(Extracted records)
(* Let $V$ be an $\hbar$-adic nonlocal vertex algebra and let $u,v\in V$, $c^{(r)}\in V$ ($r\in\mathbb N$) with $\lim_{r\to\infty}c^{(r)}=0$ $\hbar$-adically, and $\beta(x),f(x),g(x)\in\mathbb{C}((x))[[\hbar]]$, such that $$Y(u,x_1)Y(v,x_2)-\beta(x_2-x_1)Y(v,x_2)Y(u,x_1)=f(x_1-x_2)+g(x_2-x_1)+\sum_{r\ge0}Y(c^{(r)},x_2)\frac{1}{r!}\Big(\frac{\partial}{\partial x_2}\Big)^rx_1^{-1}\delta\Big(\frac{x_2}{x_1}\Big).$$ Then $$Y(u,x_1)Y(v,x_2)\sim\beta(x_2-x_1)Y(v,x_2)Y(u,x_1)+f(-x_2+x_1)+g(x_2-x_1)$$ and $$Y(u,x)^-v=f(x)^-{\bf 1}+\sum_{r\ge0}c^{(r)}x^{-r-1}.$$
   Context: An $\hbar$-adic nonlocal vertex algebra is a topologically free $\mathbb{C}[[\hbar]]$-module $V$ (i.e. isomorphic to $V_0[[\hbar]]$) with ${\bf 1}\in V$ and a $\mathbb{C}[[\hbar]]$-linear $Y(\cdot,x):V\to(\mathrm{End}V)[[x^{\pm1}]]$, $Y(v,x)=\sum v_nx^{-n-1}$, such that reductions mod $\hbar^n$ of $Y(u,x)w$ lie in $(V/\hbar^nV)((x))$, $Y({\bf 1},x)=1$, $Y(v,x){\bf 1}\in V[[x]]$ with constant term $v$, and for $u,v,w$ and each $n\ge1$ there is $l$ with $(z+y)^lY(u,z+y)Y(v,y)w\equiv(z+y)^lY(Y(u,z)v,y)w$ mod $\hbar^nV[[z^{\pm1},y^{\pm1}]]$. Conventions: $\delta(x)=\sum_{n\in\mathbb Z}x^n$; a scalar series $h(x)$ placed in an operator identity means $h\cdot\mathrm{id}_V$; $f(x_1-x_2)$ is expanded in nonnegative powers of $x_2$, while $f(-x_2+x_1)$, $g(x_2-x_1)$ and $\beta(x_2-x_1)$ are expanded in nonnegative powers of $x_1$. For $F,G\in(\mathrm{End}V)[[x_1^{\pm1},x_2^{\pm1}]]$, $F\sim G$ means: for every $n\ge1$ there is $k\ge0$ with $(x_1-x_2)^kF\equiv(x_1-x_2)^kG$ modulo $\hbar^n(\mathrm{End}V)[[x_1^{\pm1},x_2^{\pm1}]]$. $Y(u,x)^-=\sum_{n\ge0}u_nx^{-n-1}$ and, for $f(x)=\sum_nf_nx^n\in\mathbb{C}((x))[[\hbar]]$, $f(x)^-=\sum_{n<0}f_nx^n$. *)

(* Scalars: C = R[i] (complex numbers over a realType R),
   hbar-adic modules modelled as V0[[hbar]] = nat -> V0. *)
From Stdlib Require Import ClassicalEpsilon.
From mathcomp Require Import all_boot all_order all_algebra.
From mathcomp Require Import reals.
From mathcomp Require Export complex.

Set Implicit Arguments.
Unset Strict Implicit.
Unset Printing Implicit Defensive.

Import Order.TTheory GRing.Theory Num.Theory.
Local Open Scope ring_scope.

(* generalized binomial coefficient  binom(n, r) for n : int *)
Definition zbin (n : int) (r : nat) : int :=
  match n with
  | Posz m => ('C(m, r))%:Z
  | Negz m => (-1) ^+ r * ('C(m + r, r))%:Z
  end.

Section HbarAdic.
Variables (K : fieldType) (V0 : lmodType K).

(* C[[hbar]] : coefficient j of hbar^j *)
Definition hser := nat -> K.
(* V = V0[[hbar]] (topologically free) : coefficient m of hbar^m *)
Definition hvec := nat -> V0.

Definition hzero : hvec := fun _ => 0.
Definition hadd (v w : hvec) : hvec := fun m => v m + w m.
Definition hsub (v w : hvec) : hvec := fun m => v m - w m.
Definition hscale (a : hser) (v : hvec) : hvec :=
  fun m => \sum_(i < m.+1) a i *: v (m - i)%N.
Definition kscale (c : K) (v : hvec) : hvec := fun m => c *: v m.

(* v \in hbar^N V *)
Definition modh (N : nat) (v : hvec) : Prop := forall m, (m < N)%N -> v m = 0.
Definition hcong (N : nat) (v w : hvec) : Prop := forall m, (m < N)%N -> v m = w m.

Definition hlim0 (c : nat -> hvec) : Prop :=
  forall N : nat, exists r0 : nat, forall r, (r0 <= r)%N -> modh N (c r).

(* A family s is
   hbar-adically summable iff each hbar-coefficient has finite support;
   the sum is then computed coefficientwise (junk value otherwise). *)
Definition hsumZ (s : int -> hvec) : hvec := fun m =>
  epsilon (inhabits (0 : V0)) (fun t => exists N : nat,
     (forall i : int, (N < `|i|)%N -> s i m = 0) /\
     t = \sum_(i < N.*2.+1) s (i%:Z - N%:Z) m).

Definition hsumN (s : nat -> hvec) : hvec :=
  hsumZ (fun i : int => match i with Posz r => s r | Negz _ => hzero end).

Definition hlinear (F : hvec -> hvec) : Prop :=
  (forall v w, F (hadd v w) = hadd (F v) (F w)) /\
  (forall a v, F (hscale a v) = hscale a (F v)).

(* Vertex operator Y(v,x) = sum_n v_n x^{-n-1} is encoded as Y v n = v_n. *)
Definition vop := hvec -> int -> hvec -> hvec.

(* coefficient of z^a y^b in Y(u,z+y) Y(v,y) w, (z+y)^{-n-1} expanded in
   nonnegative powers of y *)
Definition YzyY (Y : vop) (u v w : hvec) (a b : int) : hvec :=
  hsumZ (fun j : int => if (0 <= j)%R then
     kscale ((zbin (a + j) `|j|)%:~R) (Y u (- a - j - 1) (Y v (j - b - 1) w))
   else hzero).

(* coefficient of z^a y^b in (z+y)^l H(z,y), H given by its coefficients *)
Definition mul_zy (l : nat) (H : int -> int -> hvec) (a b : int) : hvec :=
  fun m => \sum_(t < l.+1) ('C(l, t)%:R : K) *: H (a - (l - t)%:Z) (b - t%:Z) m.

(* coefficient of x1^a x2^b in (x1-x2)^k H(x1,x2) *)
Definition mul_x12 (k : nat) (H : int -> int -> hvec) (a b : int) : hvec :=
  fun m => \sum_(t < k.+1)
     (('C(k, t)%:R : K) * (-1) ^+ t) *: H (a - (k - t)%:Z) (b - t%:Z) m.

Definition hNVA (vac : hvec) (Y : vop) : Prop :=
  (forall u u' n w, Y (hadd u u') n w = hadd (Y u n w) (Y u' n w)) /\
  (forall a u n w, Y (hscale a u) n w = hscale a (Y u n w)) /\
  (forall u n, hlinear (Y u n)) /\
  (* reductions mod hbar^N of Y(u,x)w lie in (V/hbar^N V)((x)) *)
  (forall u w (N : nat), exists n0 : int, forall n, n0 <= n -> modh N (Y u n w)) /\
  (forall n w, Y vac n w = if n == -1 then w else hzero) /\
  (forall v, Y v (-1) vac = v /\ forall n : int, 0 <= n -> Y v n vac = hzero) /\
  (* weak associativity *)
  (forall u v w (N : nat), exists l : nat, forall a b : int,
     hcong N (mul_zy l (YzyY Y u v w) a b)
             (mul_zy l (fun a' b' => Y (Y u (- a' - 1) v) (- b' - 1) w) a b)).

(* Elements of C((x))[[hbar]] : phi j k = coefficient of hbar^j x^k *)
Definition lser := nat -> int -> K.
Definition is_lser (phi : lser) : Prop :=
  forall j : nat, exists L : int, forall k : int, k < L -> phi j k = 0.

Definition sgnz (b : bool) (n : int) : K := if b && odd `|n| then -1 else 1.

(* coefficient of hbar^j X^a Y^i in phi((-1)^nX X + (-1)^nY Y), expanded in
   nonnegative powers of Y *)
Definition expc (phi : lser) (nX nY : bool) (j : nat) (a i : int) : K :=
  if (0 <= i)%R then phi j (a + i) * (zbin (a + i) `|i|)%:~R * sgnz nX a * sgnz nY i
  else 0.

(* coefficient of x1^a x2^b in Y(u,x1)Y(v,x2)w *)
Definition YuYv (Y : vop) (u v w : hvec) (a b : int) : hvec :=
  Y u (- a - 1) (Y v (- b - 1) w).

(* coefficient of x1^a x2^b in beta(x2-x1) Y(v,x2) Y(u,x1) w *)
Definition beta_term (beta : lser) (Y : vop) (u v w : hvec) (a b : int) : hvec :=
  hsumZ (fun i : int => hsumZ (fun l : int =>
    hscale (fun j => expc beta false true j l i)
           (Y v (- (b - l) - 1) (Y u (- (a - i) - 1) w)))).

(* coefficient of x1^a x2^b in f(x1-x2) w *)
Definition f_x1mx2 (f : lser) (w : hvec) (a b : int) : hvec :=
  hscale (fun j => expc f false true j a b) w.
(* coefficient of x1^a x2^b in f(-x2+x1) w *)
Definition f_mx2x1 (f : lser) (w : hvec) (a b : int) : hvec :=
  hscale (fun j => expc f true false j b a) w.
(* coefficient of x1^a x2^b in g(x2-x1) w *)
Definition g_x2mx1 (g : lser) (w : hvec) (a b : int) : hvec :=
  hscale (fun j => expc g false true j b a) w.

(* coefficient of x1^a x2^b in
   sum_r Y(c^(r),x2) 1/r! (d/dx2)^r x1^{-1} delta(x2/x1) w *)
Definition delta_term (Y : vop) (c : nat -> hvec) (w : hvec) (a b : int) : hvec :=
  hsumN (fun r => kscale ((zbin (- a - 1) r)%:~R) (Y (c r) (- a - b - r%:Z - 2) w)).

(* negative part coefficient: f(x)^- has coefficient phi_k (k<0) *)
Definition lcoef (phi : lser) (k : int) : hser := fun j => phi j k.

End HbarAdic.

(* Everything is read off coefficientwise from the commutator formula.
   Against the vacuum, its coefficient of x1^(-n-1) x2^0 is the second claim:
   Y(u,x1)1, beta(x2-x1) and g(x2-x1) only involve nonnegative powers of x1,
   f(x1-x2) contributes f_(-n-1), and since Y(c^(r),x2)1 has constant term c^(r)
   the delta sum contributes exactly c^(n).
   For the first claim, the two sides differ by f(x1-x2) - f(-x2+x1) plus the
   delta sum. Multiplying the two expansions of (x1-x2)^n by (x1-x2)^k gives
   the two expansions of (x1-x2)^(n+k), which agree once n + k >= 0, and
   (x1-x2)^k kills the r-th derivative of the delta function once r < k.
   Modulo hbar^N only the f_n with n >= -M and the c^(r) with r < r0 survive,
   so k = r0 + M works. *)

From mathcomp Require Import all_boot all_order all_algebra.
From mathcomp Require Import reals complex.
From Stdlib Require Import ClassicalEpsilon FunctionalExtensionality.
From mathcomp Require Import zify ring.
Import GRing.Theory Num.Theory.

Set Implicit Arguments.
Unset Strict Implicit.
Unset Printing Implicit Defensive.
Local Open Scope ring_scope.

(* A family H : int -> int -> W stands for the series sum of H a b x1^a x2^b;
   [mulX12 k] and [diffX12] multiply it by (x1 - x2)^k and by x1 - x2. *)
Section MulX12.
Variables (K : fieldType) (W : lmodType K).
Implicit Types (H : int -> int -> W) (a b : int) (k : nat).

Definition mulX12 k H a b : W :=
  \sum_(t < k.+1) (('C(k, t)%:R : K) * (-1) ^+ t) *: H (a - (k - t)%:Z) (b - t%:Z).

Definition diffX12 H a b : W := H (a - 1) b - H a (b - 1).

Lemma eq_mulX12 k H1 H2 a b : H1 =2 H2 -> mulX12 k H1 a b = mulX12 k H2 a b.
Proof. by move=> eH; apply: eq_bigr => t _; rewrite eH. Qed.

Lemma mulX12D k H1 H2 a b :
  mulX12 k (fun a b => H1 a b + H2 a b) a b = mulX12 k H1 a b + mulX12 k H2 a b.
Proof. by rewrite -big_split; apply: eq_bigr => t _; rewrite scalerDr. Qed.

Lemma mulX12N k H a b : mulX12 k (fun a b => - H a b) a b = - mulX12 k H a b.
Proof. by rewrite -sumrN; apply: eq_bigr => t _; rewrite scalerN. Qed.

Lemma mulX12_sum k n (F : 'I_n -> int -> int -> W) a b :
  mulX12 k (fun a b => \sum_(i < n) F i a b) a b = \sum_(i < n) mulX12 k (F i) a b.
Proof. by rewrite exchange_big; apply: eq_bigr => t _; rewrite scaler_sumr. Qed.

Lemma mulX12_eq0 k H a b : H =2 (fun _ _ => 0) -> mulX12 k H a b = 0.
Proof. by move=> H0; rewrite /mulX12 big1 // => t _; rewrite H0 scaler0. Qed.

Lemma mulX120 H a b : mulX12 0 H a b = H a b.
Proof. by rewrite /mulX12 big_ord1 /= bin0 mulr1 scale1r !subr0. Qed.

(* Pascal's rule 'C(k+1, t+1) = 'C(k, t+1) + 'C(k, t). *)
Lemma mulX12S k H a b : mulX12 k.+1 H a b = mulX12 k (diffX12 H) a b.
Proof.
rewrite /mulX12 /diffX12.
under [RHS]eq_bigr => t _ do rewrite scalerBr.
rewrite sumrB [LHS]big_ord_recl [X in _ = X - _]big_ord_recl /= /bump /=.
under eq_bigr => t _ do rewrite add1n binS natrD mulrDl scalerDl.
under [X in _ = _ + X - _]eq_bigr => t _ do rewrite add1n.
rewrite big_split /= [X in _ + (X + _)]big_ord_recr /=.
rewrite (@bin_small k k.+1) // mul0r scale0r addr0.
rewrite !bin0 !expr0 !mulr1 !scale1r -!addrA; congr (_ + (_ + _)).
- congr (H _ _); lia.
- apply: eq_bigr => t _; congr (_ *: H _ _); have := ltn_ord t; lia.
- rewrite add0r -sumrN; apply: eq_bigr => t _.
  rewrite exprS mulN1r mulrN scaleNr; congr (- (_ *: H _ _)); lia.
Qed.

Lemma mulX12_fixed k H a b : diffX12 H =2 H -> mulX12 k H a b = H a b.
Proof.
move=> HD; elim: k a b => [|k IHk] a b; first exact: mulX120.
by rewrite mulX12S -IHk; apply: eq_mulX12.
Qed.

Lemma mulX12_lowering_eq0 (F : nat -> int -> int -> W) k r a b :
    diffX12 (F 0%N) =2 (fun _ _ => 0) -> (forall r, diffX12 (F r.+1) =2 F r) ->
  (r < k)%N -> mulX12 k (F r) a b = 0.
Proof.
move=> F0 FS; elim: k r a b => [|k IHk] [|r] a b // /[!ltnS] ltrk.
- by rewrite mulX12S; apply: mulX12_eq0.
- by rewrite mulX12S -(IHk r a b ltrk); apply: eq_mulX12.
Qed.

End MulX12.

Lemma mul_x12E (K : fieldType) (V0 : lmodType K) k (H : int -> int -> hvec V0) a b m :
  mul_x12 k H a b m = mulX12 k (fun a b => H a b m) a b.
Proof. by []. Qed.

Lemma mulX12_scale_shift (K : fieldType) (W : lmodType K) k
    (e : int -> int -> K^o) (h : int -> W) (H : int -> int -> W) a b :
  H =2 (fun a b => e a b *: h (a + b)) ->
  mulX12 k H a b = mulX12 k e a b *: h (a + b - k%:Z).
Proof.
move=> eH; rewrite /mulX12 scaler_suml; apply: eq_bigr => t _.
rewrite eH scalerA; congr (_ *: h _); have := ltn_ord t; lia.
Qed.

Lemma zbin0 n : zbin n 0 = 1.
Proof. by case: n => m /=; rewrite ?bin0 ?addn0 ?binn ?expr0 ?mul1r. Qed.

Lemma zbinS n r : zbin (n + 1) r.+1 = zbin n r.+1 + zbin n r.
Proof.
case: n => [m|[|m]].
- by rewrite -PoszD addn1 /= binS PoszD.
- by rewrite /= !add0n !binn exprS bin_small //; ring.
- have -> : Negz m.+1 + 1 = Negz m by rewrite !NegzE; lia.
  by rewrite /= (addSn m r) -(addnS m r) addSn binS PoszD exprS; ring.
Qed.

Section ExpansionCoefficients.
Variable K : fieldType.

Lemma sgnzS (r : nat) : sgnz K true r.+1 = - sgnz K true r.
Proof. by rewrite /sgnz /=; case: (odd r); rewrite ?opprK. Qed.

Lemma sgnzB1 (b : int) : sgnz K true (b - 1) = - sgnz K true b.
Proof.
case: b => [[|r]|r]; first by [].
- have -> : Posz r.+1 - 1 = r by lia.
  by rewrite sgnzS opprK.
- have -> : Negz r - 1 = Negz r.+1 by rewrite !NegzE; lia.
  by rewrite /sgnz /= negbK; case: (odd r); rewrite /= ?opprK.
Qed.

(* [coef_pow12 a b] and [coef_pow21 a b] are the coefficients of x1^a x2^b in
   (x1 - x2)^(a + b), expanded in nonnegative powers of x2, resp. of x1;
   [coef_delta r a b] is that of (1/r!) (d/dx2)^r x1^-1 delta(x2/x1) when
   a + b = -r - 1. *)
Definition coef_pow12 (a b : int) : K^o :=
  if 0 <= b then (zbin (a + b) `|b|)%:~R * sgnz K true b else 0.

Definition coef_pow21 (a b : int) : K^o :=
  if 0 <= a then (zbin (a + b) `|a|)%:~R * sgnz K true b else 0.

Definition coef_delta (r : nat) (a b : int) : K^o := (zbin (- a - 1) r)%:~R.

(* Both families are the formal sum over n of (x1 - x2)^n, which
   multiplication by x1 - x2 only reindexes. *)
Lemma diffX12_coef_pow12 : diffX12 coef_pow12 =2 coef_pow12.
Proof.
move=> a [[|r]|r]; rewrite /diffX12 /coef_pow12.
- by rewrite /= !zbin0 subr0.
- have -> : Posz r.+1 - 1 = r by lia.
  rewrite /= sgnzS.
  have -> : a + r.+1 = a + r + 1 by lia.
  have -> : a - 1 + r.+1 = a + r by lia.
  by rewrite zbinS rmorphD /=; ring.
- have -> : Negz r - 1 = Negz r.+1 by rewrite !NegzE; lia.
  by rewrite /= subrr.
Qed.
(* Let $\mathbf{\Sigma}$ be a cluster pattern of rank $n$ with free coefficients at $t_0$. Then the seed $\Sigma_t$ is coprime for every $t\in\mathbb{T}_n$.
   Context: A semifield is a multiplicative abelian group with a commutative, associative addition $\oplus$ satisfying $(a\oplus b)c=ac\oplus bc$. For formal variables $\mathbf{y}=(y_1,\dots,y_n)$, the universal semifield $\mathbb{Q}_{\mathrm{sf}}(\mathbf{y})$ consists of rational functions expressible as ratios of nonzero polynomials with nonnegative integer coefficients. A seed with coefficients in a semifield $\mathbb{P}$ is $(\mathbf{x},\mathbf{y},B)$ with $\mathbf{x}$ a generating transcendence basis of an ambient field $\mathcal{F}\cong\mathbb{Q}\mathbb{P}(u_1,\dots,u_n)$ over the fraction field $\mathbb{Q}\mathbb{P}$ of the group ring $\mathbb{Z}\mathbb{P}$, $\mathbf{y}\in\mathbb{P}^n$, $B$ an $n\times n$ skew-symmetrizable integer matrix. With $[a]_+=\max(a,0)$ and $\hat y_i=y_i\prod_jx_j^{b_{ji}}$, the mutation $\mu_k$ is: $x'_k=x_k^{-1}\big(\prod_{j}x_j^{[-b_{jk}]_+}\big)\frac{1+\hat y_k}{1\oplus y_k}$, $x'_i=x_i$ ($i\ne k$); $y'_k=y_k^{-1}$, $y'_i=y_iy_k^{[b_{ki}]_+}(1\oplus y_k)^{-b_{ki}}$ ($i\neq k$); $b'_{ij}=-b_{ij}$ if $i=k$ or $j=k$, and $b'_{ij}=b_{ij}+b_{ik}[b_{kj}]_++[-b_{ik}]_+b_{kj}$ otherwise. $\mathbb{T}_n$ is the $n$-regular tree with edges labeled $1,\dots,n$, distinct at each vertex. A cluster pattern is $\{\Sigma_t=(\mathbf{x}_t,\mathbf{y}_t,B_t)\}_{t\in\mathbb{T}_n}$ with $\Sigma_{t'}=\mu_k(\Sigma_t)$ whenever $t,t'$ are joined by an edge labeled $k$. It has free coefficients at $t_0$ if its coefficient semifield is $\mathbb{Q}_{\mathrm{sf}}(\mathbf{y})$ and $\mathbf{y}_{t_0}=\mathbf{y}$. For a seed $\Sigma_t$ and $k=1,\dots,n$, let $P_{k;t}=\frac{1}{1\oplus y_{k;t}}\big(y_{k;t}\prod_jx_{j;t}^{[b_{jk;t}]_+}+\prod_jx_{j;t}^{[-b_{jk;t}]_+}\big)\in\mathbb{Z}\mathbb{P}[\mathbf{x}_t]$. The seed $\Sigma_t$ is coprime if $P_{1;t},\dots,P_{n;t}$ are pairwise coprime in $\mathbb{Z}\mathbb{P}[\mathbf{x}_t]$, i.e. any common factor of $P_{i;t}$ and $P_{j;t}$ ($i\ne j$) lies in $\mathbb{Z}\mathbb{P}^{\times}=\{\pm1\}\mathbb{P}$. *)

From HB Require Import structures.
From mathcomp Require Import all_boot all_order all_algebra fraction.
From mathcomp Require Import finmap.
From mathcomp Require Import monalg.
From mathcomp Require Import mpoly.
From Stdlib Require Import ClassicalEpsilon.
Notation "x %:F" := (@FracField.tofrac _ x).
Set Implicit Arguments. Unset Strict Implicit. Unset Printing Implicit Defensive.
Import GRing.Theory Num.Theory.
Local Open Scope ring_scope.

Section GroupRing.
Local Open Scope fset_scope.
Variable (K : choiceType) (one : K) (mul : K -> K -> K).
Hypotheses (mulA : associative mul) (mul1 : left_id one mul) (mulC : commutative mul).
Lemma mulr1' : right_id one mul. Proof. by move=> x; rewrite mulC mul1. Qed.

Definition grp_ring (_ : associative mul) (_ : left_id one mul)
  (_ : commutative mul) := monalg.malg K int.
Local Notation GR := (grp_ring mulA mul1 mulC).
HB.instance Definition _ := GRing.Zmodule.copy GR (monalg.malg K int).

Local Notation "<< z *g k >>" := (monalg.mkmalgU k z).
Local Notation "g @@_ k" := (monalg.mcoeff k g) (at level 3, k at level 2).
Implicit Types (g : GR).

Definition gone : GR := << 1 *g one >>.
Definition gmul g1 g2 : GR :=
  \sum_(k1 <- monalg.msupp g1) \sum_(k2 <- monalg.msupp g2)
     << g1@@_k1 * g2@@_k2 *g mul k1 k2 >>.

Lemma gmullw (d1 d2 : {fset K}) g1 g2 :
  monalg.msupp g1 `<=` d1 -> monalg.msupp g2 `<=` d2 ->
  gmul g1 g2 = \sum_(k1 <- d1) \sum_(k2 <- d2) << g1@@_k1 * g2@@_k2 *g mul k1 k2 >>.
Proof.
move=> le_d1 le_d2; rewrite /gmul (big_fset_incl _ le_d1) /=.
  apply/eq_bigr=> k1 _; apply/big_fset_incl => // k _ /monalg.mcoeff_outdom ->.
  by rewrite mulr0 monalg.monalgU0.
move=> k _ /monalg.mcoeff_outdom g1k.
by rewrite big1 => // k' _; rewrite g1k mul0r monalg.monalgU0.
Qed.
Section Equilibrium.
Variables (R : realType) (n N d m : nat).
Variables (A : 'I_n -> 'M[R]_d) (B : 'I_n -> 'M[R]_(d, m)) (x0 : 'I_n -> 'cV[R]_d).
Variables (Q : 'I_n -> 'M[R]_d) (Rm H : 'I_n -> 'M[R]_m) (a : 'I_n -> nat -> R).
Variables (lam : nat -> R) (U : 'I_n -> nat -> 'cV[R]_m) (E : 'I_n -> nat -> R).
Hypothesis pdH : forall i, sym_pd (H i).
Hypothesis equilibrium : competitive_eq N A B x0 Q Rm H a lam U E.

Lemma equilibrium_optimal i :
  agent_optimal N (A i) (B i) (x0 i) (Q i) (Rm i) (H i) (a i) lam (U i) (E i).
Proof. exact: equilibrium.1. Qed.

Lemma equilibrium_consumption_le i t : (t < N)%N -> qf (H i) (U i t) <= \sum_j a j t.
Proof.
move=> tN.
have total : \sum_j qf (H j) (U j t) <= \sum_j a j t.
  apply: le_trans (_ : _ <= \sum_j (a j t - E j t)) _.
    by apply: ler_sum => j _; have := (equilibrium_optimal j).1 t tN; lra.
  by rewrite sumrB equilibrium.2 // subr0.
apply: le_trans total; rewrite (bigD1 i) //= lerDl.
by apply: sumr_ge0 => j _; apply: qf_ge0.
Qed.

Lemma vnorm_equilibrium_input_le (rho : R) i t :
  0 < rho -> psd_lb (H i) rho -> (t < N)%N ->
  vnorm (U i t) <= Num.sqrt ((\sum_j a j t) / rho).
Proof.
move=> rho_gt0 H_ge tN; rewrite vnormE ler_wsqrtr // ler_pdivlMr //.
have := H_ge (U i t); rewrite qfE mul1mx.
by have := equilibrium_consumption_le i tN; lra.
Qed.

--- YOUR TASK ---
Word for word, restate the lines above from the line containing "Lemma zbinS n" through the line containing "be a cluster", with both included and nothing else.

--- ANSWER SECTION ---
Lemma zbinS n r : zbin (n + 1) r.+1 = zbin n r.+1 + zbin n r.
Proof.
case: n => [m|[|m]].
- by rewrite -PoszD addn1 /= binS PoszD.
- by rewrite /= !add0n !binn exprS bin_small //; ring.
- have -> : Negz m.+1 + 1 = Negz m by rewrite !NegzE; lia.
  by rewrite /= (addSn m r) -(addnS m r) addSn binS PoszD exprS; ring.
Qed.

Section ExpansionCoefficients.
Variable K : fieldType.

Lemma sgnzS (r : nat) : sgnz K true r.+1 = - sgnz K true r.
Proof. by rewrite /sgnz /=; case: (odd r); rewrite ?opprK. Qed.

Lemma sgnzB1 (b : int) : sgnz K true (b - 1) = - sgnz K true b.
Proof.
case: b => [[|r]|r]; first by [].
- have -> : Posz r.+1 - 1 = r by lia.
  by rewrite sgnzS opprK.
- have -> : Negz r - 1 = Negz r.+1 by rewrite !NegzE; lia.
  by rewrite /sgnz /= negbK; case: (odd r); rewrite /= ?opprK.
Qed.

(* [coef_pow12 a b] and [coef_pow21 a b] are the coefficients of x1^a x2^b in
   (x1 - x2)^(a + b), expanded in nonnegative powers of x2, resp. of x1;
   [coef_delta r a b] is that of (1/r!) (d/dx2)^r x1^-1 delta(x2/x1) when
   a + b = -r - 1. *)
Definition coef_pow12 (a b : int) : K^o :=
  if 0 <= b then (zbin (a + b) `|b|)%:~R * sgnz K true b else 0.

Definition coef_pow21 (a b : int) : K^o :=
  if 0 <= a then (zbin (a + b) `|a|)%:~R * sgnz K true b else 0.

Definition coef_delta (r : nat) (a b : int) : K^o := (zbin (- a - 1) r)%:~R.

(* Both families are the formal sum over n of (x1 - x2)^n, which
   multiplication by x1 - x2 only reindexes. *)
Lemma diffX12_coef_pow12 : diffX12 coef_pow12 =2 coef_pow12.
Proof.
move=> a [[|r]|r]; rewrite /diffX12 /coef_pow12.
- by rewrite /= !zbin0 subr0.
- have -> : Posz r.+1 - 1 = r by lia.
  rewrite /= sgnzS.
  have -> : a + r.+1 = a + r + 1 by lia.
  have -> : a - 1 + r.+1 = a + r by lia.
  by rewrite zbinS rmorphD /=; ring.
- have -> : Negz r - 1 = Negz r.+1 by rewrite !NegzE; lia.
  by rewrite /= subrr.
Qed.
(* Let $\mathbf{\Sigma}$ be a cluster pattern of rank $n$ with free coefficients at $t_0$. Then the seed $\Sigma_t$ is coprime for every $t\in\mathbb{T}_n$.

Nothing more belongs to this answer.